#### Collected data:
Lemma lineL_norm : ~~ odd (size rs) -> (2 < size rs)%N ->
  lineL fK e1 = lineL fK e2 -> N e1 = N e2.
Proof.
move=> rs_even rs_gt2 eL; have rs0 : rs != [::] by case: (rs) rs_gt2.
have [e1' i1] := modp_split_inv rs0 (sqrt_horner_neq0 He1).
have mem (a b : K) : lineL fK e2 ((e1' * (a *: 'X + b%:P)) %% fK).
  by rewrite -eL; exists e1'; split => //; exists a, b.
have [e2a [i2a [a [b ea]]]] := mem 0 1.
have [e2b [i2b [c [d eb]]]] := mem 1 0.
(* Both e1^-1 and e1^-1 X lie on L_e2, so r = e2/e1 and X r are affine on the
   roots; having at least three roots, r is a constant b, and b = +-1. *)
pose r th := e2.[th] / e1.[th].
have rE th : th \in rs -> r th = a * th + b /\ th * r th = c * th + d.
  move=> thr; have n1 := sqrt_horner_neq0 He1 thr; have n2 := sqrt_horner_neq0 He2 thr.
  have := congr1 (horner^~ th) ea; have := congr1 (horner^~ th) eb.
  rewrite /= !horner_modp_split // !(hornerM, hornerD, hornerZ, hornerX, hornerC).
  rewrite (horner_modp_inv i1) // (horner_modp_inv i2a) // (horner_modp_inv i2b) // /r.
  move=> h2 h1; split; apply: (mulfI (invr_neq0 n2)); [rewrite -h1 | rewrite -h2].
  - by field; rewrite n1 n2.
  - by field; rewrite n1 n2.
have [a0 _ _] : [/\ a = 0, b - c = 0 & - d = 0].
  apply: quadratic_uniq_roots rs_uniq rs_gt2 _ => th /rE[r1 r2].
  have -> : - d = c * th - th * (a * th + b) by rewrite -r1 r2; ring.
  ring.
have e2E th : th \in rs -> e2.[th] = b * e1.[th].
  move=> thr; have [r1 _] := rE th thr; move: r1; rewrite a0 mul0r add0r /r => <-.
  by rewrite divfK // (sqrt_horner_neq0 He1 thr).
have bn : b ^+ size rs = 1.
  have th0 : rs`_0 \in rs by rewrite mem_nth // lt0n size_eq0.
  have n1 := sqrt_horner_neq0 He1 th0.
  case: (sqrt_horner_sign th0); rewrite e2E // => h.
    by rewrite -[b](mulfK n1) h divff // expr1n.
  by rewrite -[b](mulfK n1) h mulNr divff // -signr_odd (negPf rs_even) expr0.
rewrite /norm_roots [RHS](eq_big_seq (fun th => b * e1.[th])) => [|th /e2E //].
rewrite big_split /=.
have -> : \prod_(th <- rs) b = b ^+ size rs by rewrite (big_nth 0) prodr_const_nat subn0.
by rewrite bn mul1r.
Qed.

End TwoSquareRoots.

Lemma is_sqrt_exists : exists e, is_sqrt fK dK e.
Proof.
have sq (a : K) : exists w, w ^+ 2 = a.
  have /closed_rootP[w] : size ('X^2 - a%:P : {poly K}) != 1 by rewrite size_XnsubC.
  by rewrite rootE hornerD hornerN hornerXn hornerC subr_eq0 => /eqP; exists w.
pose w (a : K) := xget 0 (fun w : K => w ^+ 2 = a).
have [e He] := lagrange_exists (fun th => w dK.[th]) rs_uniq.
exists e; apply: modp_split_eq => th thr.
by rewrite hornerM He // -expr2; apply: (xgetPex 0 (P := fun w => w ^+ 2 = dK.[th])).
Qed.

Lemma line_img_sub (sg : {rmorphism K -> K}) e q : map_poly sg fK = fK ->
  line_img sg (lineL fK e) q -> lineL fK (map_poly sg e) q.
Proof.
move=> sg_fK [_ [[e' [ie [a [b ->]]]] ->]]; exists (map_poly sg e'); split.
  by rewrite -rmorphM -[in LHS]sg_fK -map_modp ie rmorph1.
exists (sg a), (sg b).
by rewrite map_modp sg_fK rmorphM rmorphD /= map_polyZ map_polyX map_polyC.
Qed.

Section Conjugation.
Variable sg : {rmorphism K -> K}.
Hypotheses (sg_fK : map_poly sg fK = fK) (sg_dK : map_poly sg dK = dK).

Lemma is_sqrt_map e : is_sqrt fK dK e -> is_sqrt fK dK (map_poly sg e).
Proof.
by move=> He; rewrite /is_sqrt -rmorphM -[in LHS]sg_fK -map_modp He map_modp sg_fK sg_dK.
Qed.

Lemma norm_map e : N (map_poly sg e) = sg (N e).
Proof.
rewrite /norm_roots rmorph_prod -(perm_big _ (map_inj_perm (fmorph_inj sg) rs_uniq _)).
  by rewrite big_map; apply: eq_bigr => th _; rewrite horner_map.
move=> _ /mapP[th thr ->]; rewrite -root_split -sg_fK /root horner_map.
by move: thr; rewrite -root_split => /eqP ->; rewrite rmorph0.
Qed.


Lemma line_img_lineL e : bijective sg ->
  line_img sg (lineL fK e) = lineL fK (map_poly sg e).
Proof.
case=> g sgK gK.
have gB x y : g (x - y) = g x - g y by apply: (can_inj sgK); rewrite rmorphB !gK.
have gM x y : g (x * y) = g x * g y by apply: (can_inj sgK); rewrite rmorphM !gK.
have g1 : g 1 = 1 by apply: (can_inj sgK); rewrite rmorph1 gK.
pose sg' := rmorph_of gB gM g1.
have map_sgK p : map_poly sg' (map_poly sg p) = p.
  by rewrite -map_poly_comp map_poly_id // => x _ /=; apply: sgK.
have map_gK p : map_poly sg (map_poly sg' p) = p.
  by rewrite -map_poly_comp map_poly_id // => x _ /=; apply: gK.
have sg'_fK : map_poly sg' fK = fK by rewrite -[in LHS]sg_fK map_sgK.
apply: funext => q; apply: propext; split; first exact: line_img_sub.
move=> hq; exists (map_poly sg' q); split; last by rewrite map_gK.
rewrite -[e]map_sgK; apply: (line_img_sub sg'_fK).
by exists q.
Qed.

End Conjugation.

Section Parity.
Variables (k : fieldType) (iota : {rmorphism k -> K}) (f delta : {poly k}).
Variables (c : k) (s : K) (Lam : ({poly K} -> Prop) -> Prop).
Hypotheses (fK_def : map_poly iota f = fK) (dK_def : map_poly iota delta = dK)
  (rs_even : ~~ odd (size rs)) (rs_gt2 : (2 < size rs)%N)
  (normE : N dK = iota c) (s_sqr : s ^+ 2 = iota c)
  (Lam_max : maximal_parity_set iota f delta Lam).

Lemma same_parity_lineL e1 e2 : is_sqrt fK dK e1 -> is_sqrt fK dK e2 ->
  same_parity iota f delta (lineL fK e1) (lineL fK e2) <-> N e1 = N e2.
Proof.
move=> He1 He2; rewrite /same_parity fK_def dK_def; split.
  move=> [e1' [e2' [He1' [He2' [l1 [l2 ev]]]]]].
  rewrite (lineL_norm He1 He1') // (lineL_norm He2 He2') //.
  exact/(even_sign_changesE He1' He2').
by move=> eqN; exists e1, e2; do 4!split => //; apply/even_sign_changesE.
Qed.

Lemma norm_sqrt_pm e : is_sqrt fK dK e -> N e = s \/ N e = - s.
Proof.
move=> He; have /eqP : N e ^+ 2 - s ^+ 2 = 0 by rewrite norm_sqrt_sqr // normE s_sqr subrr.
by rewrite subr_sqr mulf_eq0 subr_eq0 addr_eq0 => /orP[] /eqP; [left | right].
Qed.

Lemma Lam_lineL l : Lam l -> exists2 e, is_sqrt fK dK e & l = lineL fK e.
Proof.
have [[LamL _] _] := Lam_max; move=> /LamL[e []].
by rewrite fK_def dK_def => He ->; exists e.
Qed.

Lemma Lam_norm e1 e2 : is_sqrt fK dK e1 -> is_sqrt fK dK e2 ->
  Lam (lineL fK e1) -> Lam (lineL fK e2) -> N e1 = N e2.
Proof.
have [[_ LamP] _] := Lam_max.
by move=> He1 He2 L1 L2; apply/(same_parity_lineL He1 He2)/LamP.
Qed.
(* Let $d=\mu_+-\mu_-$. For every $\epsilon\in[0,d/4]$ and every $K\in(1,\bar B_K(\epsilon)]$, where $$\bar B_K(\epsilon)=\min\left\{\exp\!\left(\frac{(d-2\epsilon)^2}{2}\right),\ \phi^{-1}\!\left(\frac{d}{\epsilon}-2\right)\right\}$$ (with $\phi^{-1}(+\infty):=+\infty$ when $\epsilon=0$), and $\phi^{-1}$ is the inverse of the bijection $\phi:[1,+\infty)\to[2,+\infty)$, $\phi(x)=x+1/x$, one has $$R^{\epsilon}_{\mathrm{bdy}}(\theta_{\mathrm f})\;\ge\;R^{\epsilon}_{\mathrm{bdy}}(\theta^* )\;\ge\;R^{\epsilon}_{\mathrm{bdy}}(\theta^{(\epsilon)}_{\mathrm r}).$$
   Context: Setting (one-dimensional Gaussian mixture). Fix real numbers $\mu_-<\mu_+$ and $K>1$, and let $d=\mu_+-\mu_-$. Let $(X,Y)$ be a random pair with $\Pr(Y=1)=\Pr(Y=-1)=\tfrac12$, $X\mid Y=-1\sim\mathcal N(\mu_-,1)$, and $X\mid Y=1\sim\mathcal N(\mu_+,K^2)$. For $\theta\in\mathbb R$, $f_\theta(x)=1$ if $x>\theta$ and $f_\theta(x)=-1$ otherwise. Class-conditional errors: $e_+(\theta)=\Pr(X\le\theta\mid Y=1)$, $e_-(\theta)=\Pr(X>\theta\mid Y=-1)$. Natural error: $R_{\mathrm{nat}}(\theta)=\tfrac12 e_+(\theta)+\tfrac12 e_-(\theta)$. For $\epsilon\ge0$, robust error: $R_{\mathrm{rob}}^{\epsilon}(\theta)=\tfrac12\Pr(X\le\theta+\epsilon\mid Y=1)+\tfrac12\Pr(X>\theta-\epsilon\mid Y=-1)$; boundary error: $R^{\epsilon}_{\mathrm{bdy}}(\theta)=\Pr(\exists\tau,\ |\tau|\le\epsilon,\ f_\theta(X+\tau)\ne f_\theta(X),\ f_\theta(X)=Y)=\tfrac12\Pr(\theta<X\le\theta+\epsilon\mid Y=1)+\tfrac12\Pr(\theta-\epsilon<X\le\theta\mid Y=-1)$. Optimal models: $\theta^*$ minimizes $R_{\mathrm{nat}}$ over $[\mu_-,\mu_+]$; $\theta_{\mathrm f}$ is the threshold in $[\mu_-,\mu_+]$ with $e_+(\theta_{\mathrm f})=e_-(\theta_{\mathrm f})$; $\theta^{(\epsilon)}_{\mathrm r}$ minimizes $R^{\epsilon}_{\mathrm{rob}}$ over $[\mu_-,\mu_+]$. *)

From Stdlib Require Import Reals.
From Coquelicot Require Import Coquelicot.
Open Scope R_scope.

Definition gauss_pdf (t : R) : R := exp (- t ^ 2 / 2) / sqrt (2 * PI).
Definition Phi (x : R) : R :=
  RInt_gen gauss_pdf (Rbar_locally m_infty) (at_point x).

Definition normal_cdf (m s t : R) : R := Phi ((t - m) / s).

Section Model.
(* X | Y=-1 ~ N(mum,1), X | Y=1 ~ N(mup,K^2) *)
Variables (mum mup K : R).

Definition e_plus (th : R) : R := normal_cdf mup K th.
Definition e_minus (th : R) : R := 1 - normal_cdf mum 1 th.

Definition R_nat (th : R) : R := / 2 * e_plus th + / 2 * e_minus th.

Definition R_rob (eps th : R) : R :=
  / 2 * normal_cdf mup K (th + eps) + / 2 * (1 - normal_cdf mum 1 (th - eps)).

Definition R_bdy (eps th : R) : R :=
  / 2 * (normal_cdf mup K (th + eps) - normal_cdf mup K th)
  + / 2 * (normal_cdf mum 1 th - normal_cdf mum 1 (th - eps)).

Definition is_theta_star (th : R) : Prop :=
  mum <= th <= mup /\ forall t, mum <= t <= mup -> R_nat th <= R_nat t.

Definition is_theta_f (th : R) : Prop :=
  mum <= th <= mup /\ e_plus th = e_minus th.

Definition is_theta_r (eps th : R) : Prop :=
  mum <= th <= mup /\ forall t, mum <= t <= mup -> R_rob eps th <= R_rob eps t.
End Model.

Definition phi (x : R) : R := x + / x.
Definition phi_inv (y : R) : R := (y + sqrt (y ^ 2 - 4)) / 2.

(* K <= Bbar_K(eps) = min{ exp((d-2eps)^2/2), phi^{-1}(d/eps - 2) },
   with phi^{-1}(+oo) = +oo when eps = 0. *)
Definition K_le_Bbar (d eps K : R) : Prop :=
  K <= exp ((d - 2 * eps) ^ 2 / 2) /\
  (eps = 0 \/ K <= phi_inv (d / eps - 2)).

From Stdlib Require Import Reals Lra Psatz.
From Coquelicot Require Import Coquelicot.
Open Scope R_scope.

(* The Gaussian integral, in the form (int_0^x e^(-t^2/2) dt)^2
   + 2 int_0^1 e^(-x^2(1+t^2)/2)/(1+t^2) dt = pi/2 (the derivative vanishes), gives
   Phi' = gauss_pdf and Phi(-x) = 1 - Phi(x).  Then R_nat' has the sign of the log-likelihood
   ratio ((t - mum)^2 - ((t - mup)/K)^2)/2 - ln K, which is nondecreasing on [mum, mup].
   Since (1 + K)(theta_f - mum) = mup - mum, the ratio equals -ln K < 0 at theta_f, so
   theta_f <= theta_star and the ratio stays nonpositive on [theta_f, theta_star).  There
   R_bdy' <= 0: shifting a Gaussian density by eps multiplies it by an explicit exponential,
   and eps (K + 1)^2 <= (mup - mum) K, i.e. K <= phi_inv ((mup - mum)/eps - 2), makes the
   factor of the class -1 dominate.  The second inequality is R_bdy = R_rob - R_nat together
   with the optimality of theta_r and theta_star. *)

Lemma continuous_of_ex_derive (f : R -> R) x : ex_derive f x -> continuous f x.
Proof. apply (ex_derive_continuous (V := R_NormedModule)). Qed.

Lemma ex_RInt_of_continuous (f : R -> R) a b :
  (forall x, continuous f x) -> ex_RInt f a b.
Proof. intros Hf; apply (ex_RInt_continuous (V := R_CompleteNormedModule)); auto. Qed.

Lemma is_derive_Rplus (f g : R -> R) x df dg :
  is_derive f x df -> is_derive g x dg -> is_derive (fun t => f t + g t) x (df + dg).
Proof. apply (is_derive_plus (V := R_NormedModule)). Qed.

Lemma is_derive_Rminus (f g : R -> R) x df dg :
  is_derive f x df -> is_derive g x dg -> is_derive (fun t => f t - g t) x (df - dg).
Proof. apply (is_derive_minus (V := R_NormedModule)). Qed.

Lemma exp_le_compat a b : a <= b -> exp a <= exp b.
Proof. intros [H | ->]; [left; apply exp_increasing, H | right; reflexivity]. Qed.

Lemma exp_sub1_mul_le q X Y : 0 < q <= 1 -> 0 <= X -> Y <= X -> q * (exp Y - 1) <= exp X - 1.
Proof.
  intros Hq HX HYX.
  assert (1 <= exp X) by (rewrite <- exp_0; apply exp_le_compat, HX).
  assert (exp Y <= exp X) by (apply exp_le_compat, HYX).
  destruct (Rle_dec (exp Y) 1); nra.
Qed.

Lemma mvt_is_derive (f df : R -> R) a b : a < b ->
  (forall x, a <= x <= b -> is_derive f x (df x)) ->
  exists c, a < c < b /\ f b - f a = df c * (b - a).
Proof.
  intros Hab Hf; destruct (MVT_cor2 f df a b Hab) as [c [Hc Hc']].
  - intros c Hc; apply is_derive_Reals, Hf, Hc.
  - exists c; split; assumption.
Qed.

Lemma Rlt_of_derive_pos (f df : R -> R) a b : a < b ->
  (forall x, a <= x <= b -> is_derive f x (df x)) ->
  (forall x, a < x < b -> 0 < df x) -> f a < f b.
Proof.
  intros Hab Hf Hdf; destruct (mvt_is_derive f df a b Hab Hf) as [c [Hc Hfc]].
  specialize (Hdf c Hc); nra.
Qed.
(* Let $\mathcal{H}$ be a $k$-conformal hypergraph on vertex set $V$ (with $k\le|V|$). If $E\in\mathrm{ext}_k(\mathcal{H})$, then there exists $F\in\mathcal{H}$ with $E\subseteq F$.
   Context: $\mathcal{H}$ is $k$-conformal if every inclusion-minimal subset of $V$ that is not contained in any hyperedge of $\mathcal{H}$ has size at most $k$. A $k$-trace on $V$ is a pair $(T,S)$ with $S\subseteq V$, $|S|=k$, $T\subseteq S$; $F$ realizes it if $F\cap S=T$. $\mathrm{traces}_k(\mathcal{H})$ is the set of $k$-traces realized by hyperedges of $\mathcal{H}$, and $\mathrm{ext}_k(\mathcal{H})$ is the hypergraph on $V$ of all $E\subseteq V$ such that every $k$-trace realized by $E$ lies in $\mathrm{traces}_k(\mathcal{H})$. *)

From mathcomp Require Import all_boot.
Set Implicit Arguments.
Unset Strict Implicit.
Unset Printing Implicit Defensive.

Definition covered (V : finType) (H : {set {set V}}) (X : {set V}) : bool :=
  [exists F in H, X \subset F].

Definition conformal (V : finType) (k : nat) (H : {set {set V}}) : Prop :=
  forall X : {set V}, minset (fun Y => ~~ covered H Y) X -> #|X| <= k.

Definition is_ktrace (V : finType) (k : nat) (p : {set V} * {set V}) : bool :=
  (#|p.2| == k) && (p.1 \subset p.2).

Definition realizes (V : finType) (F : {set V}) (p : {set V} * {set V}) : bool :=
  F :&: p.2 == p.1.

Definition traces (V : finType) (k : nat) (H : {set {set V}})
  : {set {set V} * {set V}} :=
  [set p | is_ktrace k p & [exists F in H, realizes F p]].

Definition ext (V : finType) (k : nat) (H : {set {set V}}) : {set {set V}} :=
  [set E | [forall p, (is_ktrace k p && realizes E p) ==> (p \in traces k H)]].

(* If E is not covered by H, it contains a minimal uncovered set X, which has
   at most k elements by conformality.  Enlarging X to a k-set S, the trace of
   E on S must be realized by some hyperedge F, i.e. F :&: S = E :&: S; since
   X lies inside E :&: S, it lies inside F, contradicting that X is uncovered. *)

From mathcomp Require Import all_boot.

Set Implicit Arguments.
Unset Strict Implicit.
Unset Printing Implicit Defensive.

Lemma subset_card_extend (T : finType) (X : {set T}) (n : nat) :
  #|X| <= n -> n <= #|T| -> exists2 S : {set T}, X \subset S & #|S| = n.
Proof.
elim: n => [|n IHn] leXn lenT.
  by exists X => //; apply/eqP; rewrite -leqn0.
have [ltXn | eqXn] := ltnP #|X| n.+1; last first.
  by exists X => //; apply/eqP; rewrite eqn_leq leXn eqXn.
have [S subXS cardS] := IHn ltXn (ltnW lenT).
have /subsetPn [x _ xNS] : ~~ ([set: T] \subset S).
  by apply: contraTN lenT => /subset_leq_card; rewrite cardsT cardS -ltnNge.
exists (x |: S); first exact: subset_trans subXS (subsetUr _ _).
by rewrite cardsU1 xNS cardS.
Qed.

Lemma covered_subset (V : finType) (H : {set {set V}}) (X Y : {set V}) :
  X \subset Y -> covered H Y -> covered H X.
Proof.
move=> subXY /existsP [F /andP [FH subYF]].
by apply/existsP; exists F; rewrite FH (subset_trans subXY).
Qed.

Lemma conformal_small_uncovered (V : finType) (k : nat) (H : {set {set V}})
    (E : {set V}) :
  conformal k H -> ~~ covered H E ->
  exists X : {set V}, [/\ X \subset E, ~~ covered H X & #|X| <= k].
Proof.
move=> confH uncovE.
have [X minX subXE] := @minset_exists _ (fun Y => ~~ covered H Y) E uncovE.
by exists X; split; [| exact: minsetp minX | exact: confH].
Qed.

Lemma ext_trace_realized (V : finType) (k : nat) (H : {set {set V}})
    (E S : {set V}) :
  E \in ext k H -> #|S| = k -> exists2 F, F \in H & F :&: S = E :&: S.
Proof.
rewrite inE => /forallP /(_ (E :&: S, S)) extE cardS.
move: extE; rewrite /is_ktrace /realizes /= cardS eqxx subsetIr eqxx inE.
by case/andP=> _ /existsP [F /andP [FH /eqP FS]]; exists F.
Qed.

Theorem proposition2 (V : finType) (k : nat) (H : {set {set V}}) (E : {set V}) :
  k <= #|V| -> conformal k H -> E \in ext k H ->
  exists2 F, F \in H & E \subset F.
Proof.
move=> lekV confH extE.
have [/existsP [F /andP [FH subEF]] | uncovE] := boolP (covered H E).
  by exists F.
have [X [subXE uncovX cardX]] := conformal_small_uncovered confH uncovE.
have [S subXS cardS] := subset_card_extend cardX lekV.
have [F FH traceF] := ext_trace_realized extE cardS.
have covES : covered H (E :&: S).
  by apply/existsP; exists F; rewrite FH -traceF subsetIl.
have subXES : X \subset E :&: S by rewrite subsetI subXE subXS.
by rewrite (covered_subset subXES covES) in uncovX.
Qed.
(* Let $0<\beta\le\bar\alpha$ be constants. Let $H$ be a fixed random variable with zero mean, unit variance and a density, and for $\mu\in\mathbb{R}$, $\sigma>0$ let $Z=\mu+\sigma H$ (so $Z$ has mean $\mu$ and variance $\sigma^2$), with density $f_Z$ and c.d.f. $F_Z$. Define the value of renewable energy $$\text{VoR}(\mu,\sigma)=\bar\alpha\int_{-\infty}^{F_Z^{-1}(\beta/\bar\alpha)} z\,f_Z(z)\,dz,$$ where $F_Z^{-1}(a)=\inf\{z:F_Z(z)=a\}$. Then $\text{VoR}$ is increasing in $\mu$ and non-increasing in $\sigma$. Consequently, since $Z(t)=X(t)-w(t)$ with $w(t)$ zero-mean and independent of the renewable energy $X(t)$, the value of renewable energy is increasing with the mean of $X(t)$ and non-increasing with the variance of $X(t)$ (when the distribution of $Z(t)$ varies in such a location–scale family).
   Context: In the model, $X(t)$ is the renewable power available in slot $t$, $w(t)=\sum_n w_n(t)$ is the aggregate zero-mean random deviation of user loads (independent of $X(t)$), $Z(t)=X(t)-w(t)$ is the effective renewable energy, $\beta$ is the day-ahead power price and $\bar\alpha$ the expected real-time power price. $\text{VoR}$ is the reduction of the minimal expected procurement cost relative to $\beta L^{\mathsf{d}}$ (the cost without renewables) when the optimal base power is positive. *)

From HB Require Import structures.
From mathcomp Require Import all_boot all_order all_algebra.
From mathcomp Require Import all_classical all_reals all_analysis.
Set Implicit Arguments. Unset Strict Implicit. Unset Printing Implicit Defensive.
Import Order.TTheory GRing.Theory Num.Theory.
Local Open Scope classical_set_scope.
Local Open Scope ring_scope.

#### ACTIVITY:
Print exactly the lines above from the one with "have gB x y" to the one with "by rewrite -map_poly_comp map_poly_id // => x _ /=; apply: gK.", including both.

#### REPLY TO THE EXERCISE:
have gB x y : g (x - y) = g x - g y by apply: (can_inj sgK); rewrite rmorphB !gK.
have gM x y : g (x * y) = g x * g y by apply: (can_inj sgK); rewrite rmorphM !gK.
have g1 : g 1 = 1 by apply: (can_inj sgK); rewrite rmorph1 gK.
pose sg' := rmorph_of gB gM g1.
have map_sgK p : map_poly sg' (map_poly sg p) = p.
  by rewrite -map_poly_comp map_poly_id // => x _ /=; apply: sgK.
have map_gK p : map_poly sg (map_poly sg' p) = p.
  by rewrite -map_poly_comp map_poly_id // => x _ /=; apply: gK.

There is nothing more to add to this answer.